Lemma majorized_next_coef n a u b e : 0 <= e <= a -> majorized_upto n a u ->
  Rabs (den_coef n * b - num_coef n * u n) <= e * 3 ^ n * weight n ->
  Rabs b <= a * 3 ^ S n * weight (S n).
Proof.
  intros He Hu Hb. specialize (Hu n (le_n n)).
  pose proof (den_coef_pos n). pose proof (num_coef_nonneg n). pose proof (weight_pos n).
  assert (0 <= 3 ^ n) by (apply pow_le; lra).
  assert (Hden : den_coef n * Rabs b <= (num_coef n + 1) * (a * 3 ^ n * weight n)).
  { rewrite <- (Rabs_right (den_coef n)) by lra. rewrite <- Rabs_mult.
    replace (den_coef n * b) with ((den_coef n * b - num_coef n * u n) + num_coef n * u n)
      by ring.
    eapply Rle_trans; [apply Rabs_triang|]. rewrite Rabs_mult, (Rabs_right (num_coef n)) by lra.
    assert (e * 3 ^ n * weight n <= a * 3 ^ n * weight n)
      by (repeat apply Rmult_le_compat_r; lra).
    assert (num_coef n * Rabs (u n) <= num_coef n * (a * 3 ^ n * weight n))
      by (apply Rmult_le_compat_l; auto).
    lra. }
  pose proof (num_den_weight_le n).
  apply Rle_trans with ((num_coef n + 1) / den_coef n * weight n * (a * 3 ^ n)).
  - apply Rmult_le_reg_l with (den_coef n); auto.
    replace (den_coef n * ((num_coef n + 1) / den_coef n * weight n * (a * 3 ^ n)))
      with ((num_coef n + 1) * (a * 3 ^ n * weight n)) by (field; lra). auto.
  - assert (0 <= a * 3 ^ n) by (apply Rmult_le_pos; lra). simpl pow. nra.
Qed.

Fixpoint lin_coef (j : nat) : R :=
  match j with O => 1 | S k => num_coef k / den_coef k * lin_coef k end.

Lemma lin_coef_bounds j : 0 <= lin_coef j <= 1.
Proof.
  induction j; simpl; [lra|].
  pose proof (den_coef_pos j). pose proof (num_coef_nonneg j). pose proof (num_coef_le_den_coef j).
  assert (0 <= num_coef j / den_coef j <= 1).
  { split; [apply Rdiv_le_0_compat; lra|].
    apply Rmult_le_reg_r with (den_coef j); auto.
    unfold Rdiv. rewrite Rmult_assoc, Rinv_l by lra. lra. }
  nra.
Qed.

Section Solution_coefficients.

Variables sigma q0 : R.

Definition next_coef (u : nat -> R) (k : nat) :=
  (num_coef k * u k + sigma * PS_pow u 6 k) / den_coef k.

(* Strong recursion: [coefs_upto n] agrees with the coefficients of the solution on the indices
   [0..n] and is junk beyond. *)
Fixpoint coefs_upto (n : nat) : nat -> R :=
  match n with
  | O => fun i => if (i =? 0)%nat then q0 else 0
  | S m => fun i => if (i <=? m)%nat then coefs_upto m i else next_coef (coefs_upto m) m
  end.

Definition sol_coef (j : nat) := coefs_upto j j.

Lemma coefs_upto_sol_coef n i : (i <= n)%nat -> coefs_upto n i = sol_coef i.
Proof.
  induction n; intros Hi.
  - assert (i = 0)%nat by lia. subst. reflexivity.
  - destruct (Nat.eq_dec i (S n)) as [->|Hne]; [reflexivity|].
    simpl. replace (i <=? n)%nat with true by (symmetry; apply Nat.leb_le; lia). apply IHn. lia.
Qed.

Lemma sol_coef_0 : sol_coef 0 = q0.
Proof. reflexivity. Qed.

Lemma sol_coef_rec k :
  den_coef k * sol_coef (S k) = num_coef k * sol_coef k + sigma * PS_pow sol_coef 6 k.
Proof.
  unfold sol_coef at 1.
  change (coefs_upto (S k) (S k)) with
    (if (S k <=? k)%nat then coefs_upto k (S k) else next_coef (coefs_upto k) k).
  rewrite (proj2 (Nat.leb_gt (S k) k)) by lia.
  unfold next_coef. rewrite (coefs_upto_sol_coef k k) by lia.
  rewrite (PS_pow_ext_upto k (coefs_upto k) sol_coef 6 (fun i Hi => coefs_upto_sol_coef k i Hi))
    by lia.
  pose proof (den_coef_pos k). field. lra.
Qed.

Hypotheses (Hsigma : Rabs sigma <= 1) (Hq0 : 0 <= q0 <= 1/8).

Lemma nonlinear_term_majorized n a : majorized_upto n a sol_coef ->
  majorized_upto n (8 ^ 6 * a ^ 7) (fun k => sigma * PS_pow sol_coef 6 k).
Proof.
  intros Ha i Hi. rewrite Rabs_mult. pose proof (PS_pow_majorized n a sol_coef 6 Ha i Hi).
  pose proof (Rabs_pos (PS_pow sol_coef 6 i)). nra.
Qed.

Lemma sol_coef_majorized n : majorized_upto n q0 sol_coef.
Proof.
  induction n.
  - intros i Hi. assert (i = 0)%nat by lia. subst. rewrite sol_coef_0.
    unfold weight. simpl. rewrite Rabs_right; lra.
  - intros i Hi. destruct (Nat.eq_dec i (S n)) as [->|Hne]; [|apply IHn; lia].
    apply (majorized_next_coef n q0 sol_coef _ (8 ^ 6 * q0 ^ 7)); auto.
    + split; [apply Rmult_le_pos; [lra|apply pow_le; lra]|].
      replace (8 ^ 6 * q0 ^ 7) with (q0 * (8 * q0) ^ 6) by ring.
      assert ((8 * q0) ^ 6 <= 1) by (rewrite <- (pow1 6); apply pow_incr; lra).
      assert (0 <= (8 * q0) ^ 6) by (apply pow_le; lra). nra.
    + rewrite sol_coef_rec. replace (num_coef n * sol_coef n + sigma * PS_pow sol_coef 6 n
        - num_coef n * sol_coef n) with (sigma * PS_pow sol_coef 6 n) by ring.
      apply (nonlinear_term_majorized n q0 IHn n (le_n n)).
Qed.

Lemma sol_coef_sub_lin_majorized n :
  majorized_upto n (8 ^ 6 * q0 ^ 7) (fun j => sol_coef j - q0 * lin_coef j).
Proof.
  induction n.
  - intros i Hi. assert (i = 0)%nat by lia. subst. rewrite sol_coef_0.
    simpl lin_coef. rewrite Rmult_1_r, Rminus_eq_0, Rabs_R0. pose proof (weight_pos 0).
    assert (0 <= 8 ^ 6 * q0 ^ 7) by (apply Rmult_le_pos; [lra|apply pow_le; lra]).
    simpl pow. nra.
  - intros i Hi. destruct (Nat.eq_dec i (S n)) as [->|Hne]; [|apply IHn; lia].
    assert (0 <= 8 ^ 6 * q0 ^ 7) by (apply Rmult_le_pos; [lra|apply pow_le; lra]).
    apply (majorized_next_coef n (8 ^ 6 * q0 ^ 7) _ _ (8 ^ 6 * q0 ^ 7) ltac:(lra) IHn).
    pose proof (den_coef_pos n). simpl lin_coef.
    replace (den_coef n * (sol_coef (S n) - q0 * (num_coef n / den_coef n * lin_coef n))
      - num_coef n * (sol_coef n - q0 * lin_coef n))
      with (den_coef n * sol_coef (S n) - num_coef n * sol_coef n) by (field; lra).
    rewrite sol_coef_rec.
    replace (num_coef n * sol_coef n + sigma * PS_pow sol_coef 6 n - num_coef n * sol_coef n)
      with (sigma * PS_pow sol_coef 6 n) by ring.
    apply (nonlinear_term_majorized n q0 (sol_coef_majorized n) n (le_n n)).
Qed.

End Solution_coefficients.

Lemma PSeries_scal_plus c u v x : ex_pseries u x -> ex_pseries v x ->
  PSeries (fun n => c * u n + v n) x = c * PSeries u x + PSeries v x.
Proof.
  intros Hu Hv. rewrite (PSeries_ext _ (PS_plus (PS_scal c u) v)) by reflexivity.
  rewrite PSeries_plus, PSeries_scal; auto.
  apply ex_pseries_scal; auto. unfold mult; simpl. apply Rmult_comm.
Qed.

___

| INSTRUCTIONS FOR THE TASK |
An exact restatement of the lines from the one with "PSeries (fun n" through the last line of the data is the only acceptable answer.

| PROBLEM SOLUTION |
  PSeries (fun n => c * u n + v n) x = c * PSeries u x + PSeries v x.
Proof.
  intros Hu Hv. rewrite (PSeries_ext _ (PS_plus (PS_scal c u) v)) by reflexivity.
  rewrite PSeries_plus, PSeries_scal; auto.
  apply ex_pseries_scal; auto. unfold mult; simpl. apply Rmult_comm.
Qed.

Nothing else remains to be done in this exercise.